WHAT THE EXERCISE ASKS: Produce word for word the lines of the data below running from the one that has "cyc5 x0 x1 x2 x3 x4 || cyc5 x4 x3 x2 x1 x0." to the one that has "Lemma insert_next_adjacent : u != v ->", inclusive, and no others.
⁂
(* A finite simple graph $G$ admits an $\mathcal{F}$-free circular ordering if and only if $G$ is a forest.
   Context: A circular ordering of a finite set is obtained by placing its elements at distinct points of a circle; it is the set of triples $(x,y,z)$ of distinct elements such that clockwise from $x$ one meets $y$ before $z$. A circularly ordered graph is a graph together with a circular ordering of its vertices; isomorphism means a graph isomorphism preserving the circular orderings; $(H,C_H)$ is an induced circularly ordered subgraph of $(G,C_G)$ if $H$ is an induced subgraph of $G$ and $C_H$ is the restriction of $C_G$. A graph $G$ admits an $\mathcal{F}$-free circular ordering if there is a circular ordering $C$ of $V(G)$ such that no induced circularly ordered subgraph of $(G,C)$ is isomorphic to a member of $\mathcal{F}$. Here $\mathcal{F}$ consists of the following seven circularly ordered graphs, where in each case the vertices $v_1,v_2,\dots$ appear clockwise in this order and the listed edges are all the edges: (1) the triangle on $v_1,v_2,v_3$; (2) on $v_1,\dots,v_4$, edges $v_1v_2,v_2v_3,v_3v_4,v_4v_1$; (3) on $v_1,\dots,v_4$, edges $v_1v_2,v_2v_4,v_4v_3,v_3v_1$; (4) on $v_1,\dots,v_4$, edges $v_1v_3,v_2v_4$; (5) on $v_1,\dots,v_4$, edges $v_1v_3,v_1v_4,v_2v_4$; (6) on $v_1,\dots,v_5$, edges $v_1v_2,v_2v_3,v_3v_4,v_4v_5,v_5v_1$; (7) on $v_1,\dots,v_5$, edges $v_1v_2,v_2v_3,v_3v_4,v_4v_5$. *)

From mathcomp Require Import all_boot.
Set Implicit Arguments. Unset Strict Implicit. Unset Printing Implicit Defensive.

(* A finite simple graph: vertex type T : finType, symmetric irreflexive e. *)

(* A circular ordering of T is represented by an injective placement
   pos : T -> nat (vertices placed clockwise in increasing order of pos,
   wrapping around).  cyc pos x y z : clockwise from x one meets y before z. *)
Definition cyc (T : Type) (pos : T -> nat) (x y z : T) : bool :=
  [|| (pos x < pos y < pos z)%N, (pos y < pos z < pos x)%N
    | (pos z < pos x < pos y)%N].

Definition pat_edge (k : nat) (E : seq (nat * nat)) (i j : 'I_k) : bool :=
  ((nat_of_ord i, nat_of_ord j) \in E) || ((nat_of_ord j, nat_of_ord i) \in E).

Definition contains_pattern (T : finType) (e : rel T) (pos : T -> nat)
    (k : nat) (E : seq (nat * nat)) : Prop :=
  exists f : 'I_k -> T,
    [/\ injective f,
        (forall i j l : 'I_k, (i < j < l)%N -> cyc pos (f i) (f j) (f l))
      & (forall i j : 'I_k, i != j -> e (f i) (f j) = pat_edge E i j)].

Definition F_patterns : seq (nat * seq (nat * nat)) :=
  [:: (3, [:: (0,1); (1,2); (2,0)]);
      (4, [:: (0,1); (1,2); (2,3); (3,0)]);
      (4, [:: (0,1); (1,3); (3,2); (2,0)]);
      (4, [:: (0,2); (1,3)]);
      (4, [:: (0,2); (0,3); (1,3)]);
      (5, [:: (0,1); (1,2); (2,3); (3,4); (4,0)]);
      (5, [:: (0,1); (1,2); (2,3); (3,4)])]%N.

Definition F_free (T : finType) (e : rel T) (pos : T -> nat) : Prop :=
  forall P, P \in F_patterns -> ~ contains_pattern e pos P.1 P.2.

Definition admits_F_free_circular_ordering (T : finType) (e : rel T) : Prop :=
  exists pos : T -> nat, injective pos /\ F_free e pos.

Definition forest (T : finType) (e : rel T) : Prop :=
  ~ exists s : seq T, [/\ (3 <= size s)%N, uniq s & cycle e s].

(* An F-free circular ordering has no triangle and no 4-cycle (patterns 1-3),
   and no two crossing edges: the endpoints of a crossing induce pattern 4 or 5
   unless they carry a triangle or a 4-cycle.  Hence for an edge ab of a cycle
   the rest of the cycle, a path avoiding a and b that cannot cross ab, stays on
   one side of ab; so a cycle of length at least 5 runs monotonically around the
   circle and its first five vertices induce pattern 6 or 7.

   Conversely a forest is placed leaf by leaf, each new leaf immediately next to
   its neighbour u, after or before u according to the colour of u in a proper
   2-colouring.  A leaf placed next to its neighbour creates no crossing, and the
   side rule keeps every clockwise path on four vertices starting at a vertex of
   colour true; a clockwise path on five vertices would then contain two such
   paths starting at adjacent vertices of the same colour. *)

From mathcomp Require Import all_boot zify.
Set Implicit Arguments. Unset Strict Implicit. Unset Printing Implicit Defensive.

Ltac cyc_lia := unfold cyc in *; lia.

Section CyclicOrder.
Variables (T : Type) (p : T -> nat).

(* Points in clockwise order: the triples through the first point suffice. *)
Definition cyc4 a b c d := cyc p a b c && cyc p a c d.
Definition cyc5 a b c d x := cyc4 a b c d && cyc p a d x.

Definition same_side a b x y z :=
  [&& cyc p a b x, cyc p a b y & cyc p a b z] ||
  [&& cyc p b a x, cyc p b a y & cyc p b a z].

Lemma cycC a b c : cyc p a b c = cyc p b c a.
Proof. by apply/idP/idP; cyc_lia. Qed.

Lemma cyc_flip a b c :
  p a != p b -> p a != p c -> p b != p c -> cyc p b a c = ~~ cyc p a b c.
Proof. by move=> *; apply/idP/idP; cyc_lia. Qed.

Lemma cyc_total a b c :
  p a != p b -> p a != p c -> p b != p c -> cyc p a b c || cyc p a c b.
Proof. cyc_lia. Qed.

Lemma cyc4_cases a b c d : cyc p a b c ->
  p d != p a -> p d != p b -> p d != p c ->
  [|| cyc4 a b c d, cyc4 a d b c | cyc4 a b d c].
Proof. rewrite /cyc4; cyc_lia. Qed.

Lemma cyc4C a b c d : cyc4 a b c d -> cyc4 b c d a.
Proof. rewrite /cyc4; cyc_lia. Qed.

Lemma cyc4_of_switch a b x y :
  uniq [:: p a; p b; p x; p y] -> cyc p a b x != cyc p a b y ->
  cyc4 a y b x || cyc4 a x b y.
Proof. rewrite /= !inE /cyc4; cyc_lia. Qed.

Lemma cyc_neq a b c : cyc p a b c -> [/\ p a != p b, p b != p c & p c != p a].
Proof. by move=> abc; split; apply/eqP; move: abc; cyc_lia. Qed.

Lemma cyc_succ x y z : p y = p x + 1 -> cyc p y x z = false.
Proof. by move=> yx; apply/negP; cyc_lia. Qed.

Lemma cyc4_succ_chord x y c d : p y = p x + 1 -> ~~ cyc4 x c y d && ~~ cyc4 y c x d.
Proof. by move=> yx; rewrite /cyc4; apply/andP; split; apply/negP; cyc_lia. Qed.

Lemma cyc_uniq a b c : cyc p a b c -> uniq [:: p a; p b; p c].
Proof. rewrite /= !inE; cyc_lia. Qed.

Lemma cyc4_uniq a b c d : cyc4 a b c d -> uniq [:: p a; p b; p c; p d].
Proof. rewrite /= !inE /cyc4; cyc_lia. Qed.

Lemma cyc5_uniq a b c d x : cyc5 a b c d x -> uniq [:: p a; p b; p c; p d; p x].
Proof. rewrite /= !inE /cyc5 /cyc4; cyc_lia. Qed.

Lemma cyc5_of_same_sides x0 x1 x2 x3 x4 :
  same_side x0 x1 x2 x3 x4 -> same_side x1 x2 x3 x4 x0 -> same_side x2 x3 x4 x0 x1 ->
  cyc5 x0 x1 x2 x3 x4 || cyc5 x4 x3 x2 x1 x0.
Proof.
rewrite /same_side /cyc5 /cyc4.
by do 3!case/orP=> /and3P[? ? ?]; cyc_lia.
Qed.

End CyclicOrder.

Section InsertNext.
Variables (T : eqType) (pos : T -> nat) (v u : T) (after : bool).

Definition insert_next x :=
  if x == v then pos u * 2 + (if after then 3 else 1) else pos x * 2 + 2.

Lemma insert_next_old x : x != v -> insert_next x = pos x * 2 + 2.
Proof. by rewrite /insert_next => /negbTE->. Qed.

Lemma cyc_insert_next x y z : x != v -> y != v -> z != v ->
  cyc insert_next x y z = cyc pos x y z.
Proof. by move=> xv yv zv; rewrite /cyc !insert_next_old //; apply/idP/idP; lia. Qed.

Lemma cyc4_insert_next a b c d : a != v -> b != v -> c != v -> d != v ->
  cyc4 insert_next a b c d = cyc4 pos a b c d.
Proof. by move=> *; rewrite /cyc4 !cyc_insert_next. Qed.

Lemma insert_next_adjacent : u != v ->
  if after then insert_next v = insert_next u + 1 else insert_next u = insert_next v + 1.
Proof. by move=> uv; rewrite /insert_next eqxx (negbTE uv); case: after; lia. Qed.

End InsertNext.

Section Patterns.
Variables (T : finType) (e : rel T) (pos : T -> nat).
Hypothesis e_sym : symmetric e.

Definition pat_adj (E : seq (nat * nat)) i j := ((i, j) \in E) || ((j, i) \in E).
Lemma energy_iteration k : exists H,
  [/\ is_subgroup H, (2 * quot_card H <= tower k.+1)%N &
      regular_subgroup eps A H \/ k%:R * (eps ^+ 3 * (2 ^ n)%:R) <= energy R A H].
Proof.
elim: k => [|k [H [sH qH regH]]].
  exists [set: V]; split; first exact: subgroup_setT.
    have := quot_card_mul (@subgroup_setT n).
    rewrite cardsT card_rowF2 -{2}(mul1n (2 ^ n)%N) => /eqP.
    by rewrite eqn_pmul2r ?expn_gt0 // => /eqP ->.
  by right; rewrite mul0r; apply: sumr_ge0 => x _; apply: sqr_ge0.
have [regH_now|irregH] := pselect (regular_subgroup eps A H).
  by exists H; split; [| exact: leq_trans qH (tower_le_succ _) | left].
have [K [sK qK gain]] := exists_refinement sH irregH.
exists K; split=> //.
  by rewrite (leq_trans _ (tower_step qH)) // leq_mul2l qK orbT.
by right; case: regH => // le; rewrite -natr1 mulrDl mul1r; lra.
Qed.

End Refinement.

Unset Implicit Arguments.

Theorem theorem2p1 (R : realType) (n : nat) (eps : R) (A : {set 'rV['F_2]_n}) :
  0 < eps -> eps < 1/2 ->
  exists H : {set 'rV['F_2]_n},
    [/\ is_subgroup H, (quot_card H <= W (eps ^- 3))%N & regular_subgroup eps A H].
Proof.
move=> eps_gt0 _.
set k := `|Num.ceil (eps ^- 3)|%N.
have k_ge : 1 <= k%:R * eps ^+ 3.
  have ceil_pos : 0 < Num.ceil (eps ^- 3) by rewrite ceil_gt0 invr_gt0 exprn_gt0.
  rewrite natr_absz gtr0_norm // -[X in X <= _](mulVf (lt0r_neq0 (exprn_gt0 3 eps_gt0))).
  by rewrite ler_pM2r ?exprn_gt0 ?ceil_ge.
have k_gt0 : (0 < k)%N by case: k k_ge => //; rewrite mul0r ler10.
have [H [sH qH regH]] := energy_iteration A eps_gt0 k.-1.
exists H; split=> //.
  by rewrite /W -/k -(prednK k_gt0) (leq_trans _ qH) // leq_pmull.
case: regH => // le; have [//|irregH] := pselect (regular_subgroup eps A H).
have lt := energy_irregular_lt eps_gt0 sH irregH.
have N_gt0 : 0 < (2 ^ n)%:R :> R by rewrite ltr0n expn_gt0.
rewrite -[k in k%:R](prednK k_gt0) -natr1 in k_ge.
have := ler_wpM2r (ltW N_gt0) k_ge; lra.
Qed.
⁂
SOLUTION FOR THIS EXERCISE:
  cyc5 x0 x1 x2 x3 x4 || cyc5 x4 x3 x2 x1 x0.
Proof.
rewrite /same_side /cyc5 /cyc4.
by do 3!case/orP=> /and3P[? ? ?]; cyc_lia.
Qed.

End CyclicOrder.

Section InsertNext.
Variables (T : eqType) (pos : T -> nat) (v u : T) (after : bool).

Definition insert_next x :=
  if x == v then pos u * 2 + (if after then 3 else 1) else pos x * 2 + 2.

Lemma insert_next_old x : x != v -> insert_next x = pos x * 2 + 2.
Proof. by rewrite /insert_next => /negbTE->. Qed.

Lemma cyc_insert_next x y z : x != v -> y != v -> z != v ->
  cyc insert_next x y z = cyc pos x y z.
Proof. by move=> xv yv zv; rewrite /cyc !insert_next_old //; apply/idP/idP; lia. Qed.

Lemma cyc4_insert_next a b c d : a != v -> b != v -> c != v -> d != v ->
  cyc4 insert_next a b c d = cyc4 pos a b c d.
Proof. by move=> *; rewrite /cyc4 !cyc_insert_next. Qed.

Lemma insert_next_adjacent : u != v ->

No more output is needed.